Posts Tagged ‘Wine’

Dom Pérignon Rosé 2002

I wish you and your loved ones a happy new year and all the best for 2013! What better way to do this than to announce the launch of the Dom Pérignon Rosé Vintage 2002?

Dom Pérignon Rosé 2002

Following the strong success of the Dom Pérignon Vintage 2002, the expectations were very high for the Rosé. My feeling is that they were met; my ambition is that they were surpassed; my wish is that you will concur. The story of 2002 is written into the wine: the spring was warm and dry leading to almost perfect flowering; the summer saw long sunny stretches interspersed with overcast and rainy spells, with one final sunny interlude before the harvest. It would be hard to think of a more favourable growing season.

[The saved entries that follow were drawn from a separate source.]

(* The set function A |-> L(1_A) is nonnegative (the norm condition forces
   |1 - 2 L(1_A)| <= 1) and countably additive on the algebra generated by the
   measurable rectangles, so Carathéodory's theorem extends it to a probability
   Q on S^N.  The rectangles form a pi-system generating the product
   sigma-algebra, so measures agreeing on rectangles agree everywhere; this
   gives uniqueness, and exchangeability since permuting coordinates maps
   rectangles to rectangles and L is permutation invariant.  Finally, for every
   injection s, the indicator of {x | (x_s(1),...,x_s(n)) in A} is the indicator
   of the cylinder {x | (x_1,...,x_n) in A} composed with a permutation, so
   L(U^N_n 1_A) = L(1_cylinder) and Q(A x S^(N-n)) = E 1_A(X) = P(X in A). *)
From HB Require Import structures.
From mathcomp Require Import all_boot all_order all_algebra all_fingroup all_solvable.
From mathcomp Require Import all_classical all_reals all_analysis.
From mathcomp Require Import lra measurable_realfun.
Import Order.TTheory GRing.Theory Num.Theory numFieldNormedType.Exports.
Local Open Scope classical_set_scope.
Local Open Scope ring_scope.
Set Implicit Arguments. Unset Strict Implicit. Unset Printing Implicit Defensive.

Section rectangles.
Context {d : measure_display} {S : measurableType d} (N : nat).
Implicit Types A : set (N.-tuple S).

Lemma measurable_rectangle A : rectangles A -> measurable A.
Proof.
move=> [B [mB ->]].
have -> : [set x : N.-tuple S | forall i, B i (tnth x i)] =
    \bigcap_(i in [set: 'I_N]) (setT `&` (fun x : N.-tuple S => tnth x i) @^-1` B i).
  by apply/seteqP; split => x /= H i; [move=> _; split | have [] := H i I].
apply: fin_bigcap_measurable; first exact: finite_finset.
by move=> i _; exact: (measurable_tnth i measurableT (mB i)).
Qed.

Lemma rectangles_setT : rectangles [set: N.-tuple S].
Proof. by exists (fun=> setT); split => //; apply/seteqP; split. Qed.

Lemma setI_closed_rectangles : setI_closed (@rectangles d S N).
Proof.
move=> _ _ [B1 [mB1 ->]] [B2 [mB2 ->]].
exists (fun i => B1 i `&` B2 i); split => [i|]; first exact: measurableI.
apply/seteqP; split => x /=; first by move=> [H1 H2] i; split.
by move=> H; split => i; have [] := H i.
Qed.

Lemma rectangle_preimage_tnth (i : 'I_N) (B : set S) : measurable B ->
  rectangles (setT `&` (fun x : N.-tuple S => tnth x i) @^-1` B).
Proof.
move=> mB; exists (fun j => if j == i then B else setT); split.
  by move=> j; case: ifP.
apply/seteqP; split => x /=; first by move=> [_ Bx] j; case: eqP => [->|].
by move=> H; split => //; have := H i; rewrite eqxx.
Qed.

Lemma sub_sigma_rectangles (G : set (set (N.-tuple S))) :
  @rectangles d S N `<=` G -> measurable `<=` <<s G >>.
Proof.
move=> rG; apply: smallest_sub; first exact: smallest_sigma_algebra.
elim/big_ind: _ => //; first by move=> X Y HX HY Z [/HX|/HY].
move=> i _ Z /= [B mB <-]; apply: sub_sigma_algebra; apply: rG.
exact: rectangle_preimage_tnth.
Qed.

Lemma measure_eq_on_rectangles {R : realType}
    (m1 m2 : {measure set (N.-tuple S) -> \bar R}) :
  (m1 setT < +oo)%E -> (forall A, rectangles A -> m1 A = m2 A) ->
  forall A, measurable A -> m1 A = m2 A.
Proof.
move=> m1T m12 A mA.
apply: (g_sigma_algebra_measure_unique (@rectangles d S N) _ (fun=> setT)) => //.
- by move=> B /measurable_rectangle.
- by move=> _; exact: rectangles_setT.
- by rewrite bigcup_const.
- exact: setI_closed_rectangles.
- exact: sub_sigma_rectangles.
Qed.

Lemma rectangle_preimage_perm (s : 'S_N) A :
  rectangles A -> rectangles (perm_tuple s @^-1` A).
Proof.
move=> [B [mB ->]]; exists (fun j => B (s^-1 j)%g); split => //.
apply/seteqP; split => x /= H j; rewrite /perm_tuple ?tnth_mktuple.
  by have := H (s^-1 j)%g; rewrite tnth_mktuple permKV.
by have := H (s j); rewrite permK.
Qed.

Lemma measurable_perm_tuple (s : 'S_N) : measurable_fun setT (@perm_tuple d S N s).
Proof.
apply/measurable_fun_tnthP => i.
rewrite (_ : _ \o _ = fun x => tnth x (s i)); first exact: measurable_tnth.
by apply/funext => x; rewrite /= tnth_mktuple.
Qed.

End rectangles.

Section cylinder.
Context {d : measure_display} {S : measurableType d} (n N : nat) (hnN : (n <= N)%N).

Definition head_tuple (x : N.-tuple S) : n.-tuple S :=
  [tuple tnth x (widen_ord hnN i) | i < n].

Lemma measurable_head_tuple : measurable_fun setT head_tuple.
Proof.
apply/measurable_fun_tnthP => i.
rewrite (_ : _ \o _ = fun x => tnth x (widen_ord hnN i)); first exact: measurable_tnth.
by apply/funext => x; rewrite /= tnth_mktuple.
Qed.

Lemma rectangle_preimage_head (A : set (n.-tuple S)) :
  rectangles A -> rectangles (head_tuple @^-1` A).
Proof.
move=> [B [mB ->]].
exists (fun j : 'I_N => if insub (val j) is Some i then B i else setT).
split => [j|]; first by case: insubP.
apply/seteqP; split => x /= H j; rewrite /head_tuple ?tnth_mktuple.
  case: insubP => [i _ vi|//]; have := H i; rewrite tnth_mktuple.
  by rewrite (_ : widen_ord hnN i = j) //; exact: val_inj.
have := H (widen_ord hnN j); case: insubP => [i _ vi|] /=; last by rewrite ltn_ord.
by rewrite (_ : i = j) //; exact: val_inj.
Qed.

Lemma injective_extends_to_perm (s : 'I_n -> 'I_N) : injective s ->
  exists p : 'S_N, forall i, p (widen_ord hnN i) = s i.
Proof.
move=> s_inj.
have nN : (n <= #|'I_N|)%N by rewrite card_ord.
have Sym_ntrans := ntransitive_weak nN (Sym_trans 'I_N).
have dtuple_inj (f : 'I_n -> 'I_N) : injective f ->
    [tuple f i | i < n] \in n.-dtuple([set: 'I_N]%SET).
  move=> f_inj; apply/dtuple_onP; split=> [i j|i]; last by rewrite inE.
  by rewrite !tnth_mktuple => /f_inj.
have widen_inj : injective (widen_ord hnN) by move=> i j [] /val_inj.
have [p _ ep] := atransP2 Sym_ntrans (dtuple_inj _ widen_inj) (dtuple_inj _ s_inj).
exists p => i; have := congr1 (fun t => tnth t i) ep.
by rewrite /= tnth_mktuple tnth_map tnth_mktuple /= apermE => ->.
Qed.

End cylinder.

Section rect_algebra.
Context {d : measure_display} {S : measurableType d} (N : nat).

Definition rect_algebra : set (set (N.-tuple S)) :=
  smallest (@setalgebra _) (@rectangles d S N).

Lemma setalgebra_rect_algebra : setalgebra rect_algebra.
Proof.
split; first by move=> M [[]].
- by move=> A HA M MG; case: (MG) => [[_ MC _] _]; apply: MC; exact: HA.
- move=> A B HA HB M MG; case: (MG) => [[_ _ MU] _].
  by apply: MU; [exact: HA | exact: HB].
Qed.

Lemma rectangles_sub_rect_algebra : @rectangles d S N `<=` rect_algebra.
Proof. exact: sub_smallest. Qed.

Lemma rect_algebra_measurable : rect_algebra `<=` measurable.
Proof.
apply: smallest_sub; last by move=> A /measurable_rectangle.
by split; [exact: measurableT | exact: measurableC | exact: measurableU].
Qed.

Lemma rect_algebra0 : rect_algebra set0.
Proof. by have [RT RC _] := setalgebra_rect_algebra; rewrite -setCT; exact: RC RT. Qed.

Lemma rect_algebraC : setC_closed rect_algebra.
Proof. by have [] := setalgebra_rect_algebra. Qed.

Lemma rect_algebraU : setU_closed rect_algebra.
Proof. by have [] := setalgebra_rect_algebra. Qed.

(* A copy of S^N whose measurable sets are those of [rect_algebra], so that
   the library's Carathéodory extension applies to it. *)
Definition rect_algebra_type : Type := N.-tuple S.
HB.instance Definition _ := Pointed.on rect_algebra_type.
HB.instance Definition _ := @isAlgebraOfSets.Build default_measure_display
  rect_algebra_type rect_algebra rect_algebra0 rect_algebraU rect_algebraC.

End rect_algebra.

Section probability_extension.
Context {R : realType} {d : measure_display} {S : measurableType d} (N : nat)
  (F : set (N.-tuple S) -> R).
Hypothesis F_ge0 : forall A, rect_algebra A -> 0 <= F A.
Hypothesis F0 : F set0 = 0.
Hypothesis FT : F setT = 1.
Hypothesis F_sigma_additive : countably_additive_on (@rect_algebra d S N) F.

(* The truncation at 0 only matters outside [rect_algebra], where the library
   still requires nonnegativity. *)
Let premeasure (A : set (rect_algebra_type N)) : \bar R := (Num.max (F A) 0)%:E.

Let premeasureE A : rect_algebra A -> premeasure A = (F A)%:E.
Proof. by move=> RA; rewrite /premeasure max_l // F_ge0. Qed.

Let premeasure0 : premeasure set0 = 0%E.
Proof. by rewrite /premeasure F0 maxxx. Qed.

Let premeasure_ge0 A : (0 <= premeasure A)%E.
Proof. by rewrite /premeasure lee_fin le_max lexx orbT. Qed.

Let premeasure_sigma_additive : semi_sigma_additive premeasure.
Proof.
move=> A RA tA RUA; rewrite premeasureE //.
rewrite (_ : (fun m => _) = (fun m => (\sum_(0 <= k < m) F (A k))%:E)).
  by apply: cvg_EFin; [exact: nearW | exact: F_sigma_additive].
apply/funext => m; rewrite -sumEFin; apply: eq_bigr => k _.
by rewrite premeasureE //; exact: RA.
Qed.

HB.instance Definition _ := isMeasure.Build _ (rect_algebra_type N) R premeasure
  premeasure0 premeasure_ge0 premeasure_sigma_additive.

Let Q : set (N.-tuple S) -> \bar R := measure_extension premeasure.

Let QE A : rect_algebra A -> Q A = (F A)%:E.
Proof.
by move=> RA; rewrite /Q /measure_extension measurable_mu_extE //; exact: premeasureE.
Qed.

Let Q0 : Q set0 = 0%E.
Proof. exact: measure0. Qed.

Let Q_ge0 A : (0 <= Q A)%E.
Proof. exact: (measure_ge0 (measure_extension premeasure)). Qed.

This is reflected in the wine as Dom Pérignon Rosé Vintage 2002 lives up to its promise of accomplished harmony, offering a pure expression of the spirit of Dom Pérignon. This new vintage of Dom Pérignon Rosé will be declared in Istanbul, Turkey on January 23, 2013. I will narrate the tale of this highly awaited night in a future entry.

2012: First Impression

2012 was definitely full of surprises, from a challenging growing season to a quasi-perfect harvest. Such a chaotic vintage calls upon our flexibility and humility: to react to unprecedented conditions, to escape conformism, to take risks and to hold back or push forward as required. Although these are the fundamental values of Dom Pérignon, 2012 pushed them to their limits. I felt such an elusive yet assertive vintage reinforces the mysterious aura of Dom Pérignon. New situations invite creative solutions and force clear decisions: the wine is but the sum of these events.

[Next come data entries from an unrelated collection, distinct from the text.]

(* Let $\frac1{\sqrt2}<p<1$. There is $c=c(p)>0$ such that for any $a>0$ and any $n$, any local routing algorithm between the two roots of $TT_n$ (in $TT_{n,p}$) makes at least $a p^{-n}$ queries with probability at least $1-ca$.
   Context: The double binary tree $TT_n$ is obtained by taking two complete binary trees of uniform depth $n$ and identifying their corresponding leaves; its roots are the roots of the two trees. $TT_{n,p}$ is the random subgraph in which each edge is open independently with probability $p$. A routing algorithm between vertices $u,v$ may probe whether edges are open and outputs an open path from $u$ to $v$ if one exists; it is local if the first edge it probes is adjacent to $u$ and subsequently it probes only edges having an endpoint to which it has already established an open path from $u$. The number of queries is considered conditioned on the event that the two roots are connected by an open path. *)

From HB Require Import structures.
From mathcomp Require Import all_boot all_order all_algebra.
From mathcomp Require Import boolp reals.
Set Implicit Arguments. Unset Strict Implicit. Unset Printing Implicit Defensive.
Import Order.TTheory GRing.Theory Num.Theory.
Local Open Scope ring_scope.

(* Each of the two complete binary trees of depth n is encoded in heap order:*)
(* the root is 1, the children of k are 2k and 2k+1, so the vertices at     *)
(* depth d are the k with 2^d <= k < 2^(d+1), and the leaves are the k with  *)
(* 2^n <= k < 2^(n+1).  A tree is tagged by a side s : bool.                 *)
(* Vertex n := bool * 'I_(2^(n+1)); the vertex (s,k) with 1 <= k < 2^n is    *)
(* the internal vertex k of tree s, and the leaf k (2^n <= k) is represented *)
(* (for both trees, this is the identification of corresponding leaves) by  *)
(* (false,k).  The remaining elements of Vertex n (k = 0, or (true,k) with   *)
(* k a leaf index) are junk and are incident to no edge.                    *)
(* An edge is (s,k) with 2 <= k < 2^(n+1): the edge of tree s between the    *)
(* vertex k and its parent k/2.                                              *)

Definition Vertex (n : nat) := (bool * 'I_(2 ^ n.+1))%type.

Definition Edge (n : nat) := {e : bool * 'I_(2 ^ n.+1) | (1 < val e.2)%N}.

Definition vtx (n : nat) (s : bool) (k : 'I_(2 ^ n.+1)) : Vertex n :=
  if (2 ^ n <= k)%N then (false, k) else (s, k).

Lemma half_ord_proof (m : nat) (k : 'I_m) : (k./2 < m)%N.
Proof. apply: leq_ltn_trans (ltn_ord k). by rewrite leq_half_double -addnn -addSn leq_addl. Qed.

Definition parent_ord (m : nat) (k : 'I_m) : 'I_m := Ordinal (half_ord_proof k).

Definition eparent (n : nat) (e : Edge n) : Vertex n :=
  vtx (val e).1 (parent_ord (val e).2).
Definition echild (n : nat) (e : Edge n) : Vertex n :=
  vtx (val e).1 (val e).2.

Lemma one_lt_exp2S (n : nat) : (1 < 2 ^ n.+1)%N.
Proof. by rewrite -[1%N](expn0 2) ltn_exp2l. Qed.

Definition one_ord (n : nat) : 'I_(2 ^ n.+1) := Ordinal (one_lt_exp2S n).

Definition root0 (n : nat) : Vertex n := (false, one_ord n).
Definition root1 (n : nat) : Vertex n := (true, one_ord n).

Definition adj (n : nat) (S : pred (Edge n)) : rel (Vertex n) :=
  fun x y => [exists e : Edge n, S e &&
     (((eparent e == x) && (echild e == y)) || ((eparent e == y) && (echild e == x)))].

Definition conn (n : nat) (S : pred (Edge n)) (x y : Vertex n) : bool :=
  connect (adj S) x y.

Definition config (n : nat) := {ffun Edge n -> bool}.

Definition weight (R : realType) (p : R) (n : nat) (w : config n) : R :=
  \prod_(e : Edge n) (if w e then p else 1 - p).

Definition Pr (R : realType) (p : R) (n : nat) (A : config n -> Prop) : R :=
  \sum_(w : config n) (if `[< A w >] then weight p w else 0).

Definition condPr (R : realType) (p : R) (n : nat) (A C : config n -> Prop) : R :=
  Pr p (fun w => A w /\ C w) / Pr p C.

Definition roots_connected (n : nat) (w : config n) : Prop :=
  conn (fun e => w e) (root0 n) (root1 n).

(* A history is the list of the edges probed so far with their states.      *)
(* An algorithm maps the history to the next edge to probe, or None (stop). *)

Definition history (n : nat) := seq (Edge n * bool).

Definition algorithm (n : nat) := history n -> option (Edge n).

Fixpoint hist (n : nat) (alg : algorithm n) (w : config n) (k : nat) : history n :=
  match k with
  | 0 => [::]
  | k.+1 => let h := hist alg w k in
            match alg h with Some e => rcons h (e, w e) | None => h end
  end.

Definition known_open (n : nat) (h : history n) : pred (Edge n) :=
  fun e => (e, true) \in h.

(* local: every probed edge has an endpoint to which an open path from the
   start root0 has already been established (for the first probe, the
   history is empty and this means the edge is adjacent to root0) *)
Definition local_alg (n : nat) (alg : algorithm n) : Prop :=
  forall (w : config n) (k : nat) (e : Edge n),
    alg (hist alg w k) = Some e ->
    conn (known_open (hist alg w k)) (root0 n) (eparent e) ||
    conn (known_open (hist alg w k)) (root0 n) (echild e).

(* routing algorithm between the two roots: on every configuration it stops,
   and when it stops, if the roots are connected by an open path, the probed
   open edges contain such a path (which it outputs) *)
Definition routes_roots (n : nat) (alg : algorithm n) : Prop :=
  forall w : config n, exists k : nat,
    alg (hist alg w k) = None /\
    (roots_connected w -> conn (known_open (hist alg w k)) (root0 n) (root1 n)).

(* alg makes at least x queries on w: for every natural k < x, a (k+1)-th
   query is made (i.e. the number of queries Q satisfies Q >= x) *)
Definition at_least_queries (R : realType) (n : nat) (alg : algorithm n)
    (w : config n) (x : R) : Prop :=
  forall k : nat, (k%:R < x)%R -> alg (hist alg w k) <> None.

(* Before a local algorithm started at [root0] can exhibit an open path to [root1], it must
   for the first time probe an open edge touching a vertex whose upward path in the tree
   [true] is open.  By locality the other endpoint of that edge is reached from [root0], so
   the edge is a leaf edge of the tree [false] whose leaf has an open, never probed, upward
   path of [n] edges in the tree [true].  These edges are independent of the history, so this
   happens at a given step with probability at most [p ^ n], and the roots get connected within
   [x] queries with probability at most [x p ^ n].  On the other hand, with probability at
   least [q = (2 p^2 - 1) / p^4 > 0] there is a root-to-leaf path open in both trees, so the
   roots are connected with probability at least [q]; hence the conditional probability of
   routing with fewer than [a p ^ -n] queries is at most [a / q]. *)

From Pilot Require Import Defs.
From HB Require Import structures.
From mathcomp Require Import all_boot all_order all_algebra.
From mathcomp Require Import boolp reals.
From mathcomp Require Import zify ring lra.
Import Order.TTheory GRing.Theory Num.Theory.

Set Implicit Arguments. Unset Strict Implicit. Unset Printing Implicit Defensive.

Section ProductMeasure.
Local Open Scope ring_scope.
Variables (R : realType) (p : R) (n : nat).
Local Notation cfg := (config n).

Definition edge_prob (b : bool) : R := if b then p else 1 - p.

Definition indicator (E : cfg -> Prop) (w : cfg) : R := if `[< E w >] then 1 else 0.

Lemma PrE (E : cfg -> Prop) : Pr p E = \sum_w indicator E w * weight p w.
Proof. by apply: eq_bigr => w _; rewrite /indicator; case: ifP; rewrite ?mul1r ?mul0r. Qed.

Lemma eq_Pr (E F : cfg -> Prop) : (forall w, E w <-> F w) -> Pr p E = Pr p F.
Proof.
move=> EF; apply: eq_bigr => w _.
by have -> : `[< E w >] = `[< F w >] by apply/asboolP/asboolP => /EF.
Qed.

Lemma edge_probC b : edge_prob b + edge_prob (~~ b) = 1.
Proof. by case: b; rewrite /edge_prob /= ?subrK // addrC subrK. Qed.

Lemma Pr_True : Pr p (fun _ : cfg => True) = 1.
Proof.
rewrite /Pr (eq_bigr (fun w => weight p w)); last by move=> w _; rewrite asboolT.
rewrite /weight -(bigA_distr_bigA (fun (e : Edge n) (b : bool) => edge_prob b)).
by apply: big1 => e _; rewrite big_bool /= addrC subrK.
Qed.

Lemma Pr_False : Pr p (fun _ : cfg => False) = 0.
Proof. by apply: big1 => w _; rewrite asboolF. Qed.

Lemma Pr_split (E F : cfg -> Prop) :
  Pr p E = Pr p (fun w => E w /\ F w) + Pr p (fun w => E w /\ ~ F w).
Proof.
rewrite /Pr -big_split; apply: eq_bigr => w _ /=.
case: (asboolP (E w)) => hE; case: (asboolP (F w)) => hF.
- by rewrite asboolT // asboolF ?addr0 // => -[].
- by rewrite asboolF ?asboolT ?add0r // => -[].
- by rewrite !asboolF ?addr0 // => -[].
- by rewrite !asboolF ?addr0 // => -[].
Qed.

Definition cfg_set (g : Edge n) (b : bool) (w : cfg) : cfg :=
  [ffun e => if e == g then b else w e].

Lemma cfg_setE g b (w : cfg) e : cfg_set g b w e = if e == g then b else w e.
Proof. by rewrite ffunE. Qed.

The growing season itself was challenging to say the least. Fortunately the harvest period was more positive (and in a way more straightforward) with nice weather, slow and steady maturation, and perfect sanitary conditions. Acknowledging this, our approach was to aim for maximum maturity while retaining as much freshness as possible. The balance between richness, intensity and acidity is close to some of the greatest vintages ever, such as 1952.

However the truth always lies in the glass; tasting the wines is the real test. The first impression mirrors the character of the vintage: assertive and free-spirited, built on a complex, sinuous history. The fruit and the intensity both point to a no-holds-barred vintage, while the sharp acidity already balances out the expressive maturity. The wines still feel raw at this stage, of course. Only time can smooth them out, refine their qualities, and allow us to assess how they might stand the test of decades.

2012 First Impression

Dom Pérignon Rosé

The launch of Dom Pérignon Rosé Œnothèque 1993 is a perfect opportunity to reveal more about Dom Pérignon Rosé, the jewel of Dom Pérignon. Its rarity is linked to the very few vineyards that can offer Pinot Noir grapes with sufficient maturity: mostly south-facing sites in Hautvillers, Ay and Bouzy. In some particularly warm and sunny years, other vineyards can also contribute, but this is the exception rather the rule, much as Dom Pérignon Rosé itself.

Dom Pérignon Rosé Œnothèque 1993

Dom Pérignon didn’t start pushing the envelope recently: taking risks and embracing challenges has always been at the forefront of our philosophy. Combining Dom Pérignon’s singularity and the characteristics of the vintage is already a tour de force. Inviting the richness and intensity of the Pinot Noir to shine through the assemblage, yet retaining Dom Pérignon’s elegance and ability to withstand time is a paradox in itself. This feat was first achieved by my predecessors in 1959, with this visionary first vintage being revealed twelve years later during the 2,500th anniversary of the foundation of the Persian Empire. 863 magnums of Dom Pérignon Rosé 1959 were served for only this occasion, and it remains to this day among the most exclusive wines in the world.

Dom Pérignon Rosé is understandably created in even fewer vintages than Dom Pérignon Vintage: no Rosé was released in 1976, 1983 and 1999, whereas (paradoxically) 1986 welcomed a Rosé but no Blanc.

The introduction of Dom Pérignon Rosé Œnothèque two years ago was another tribute to the longevity of Dom Pérignon.

Dom Pérignon Vintage 2003

Dom Pérignon is, and has always been, exclusively a vintage wine. I could be content with simply letting the vintage express its characteristics through the wine; however, in a constant effort to push the envelope, it is crucial to go one step further: we embrace the vintage and confront it to the singularity of Dom Pérignon in an act of creation.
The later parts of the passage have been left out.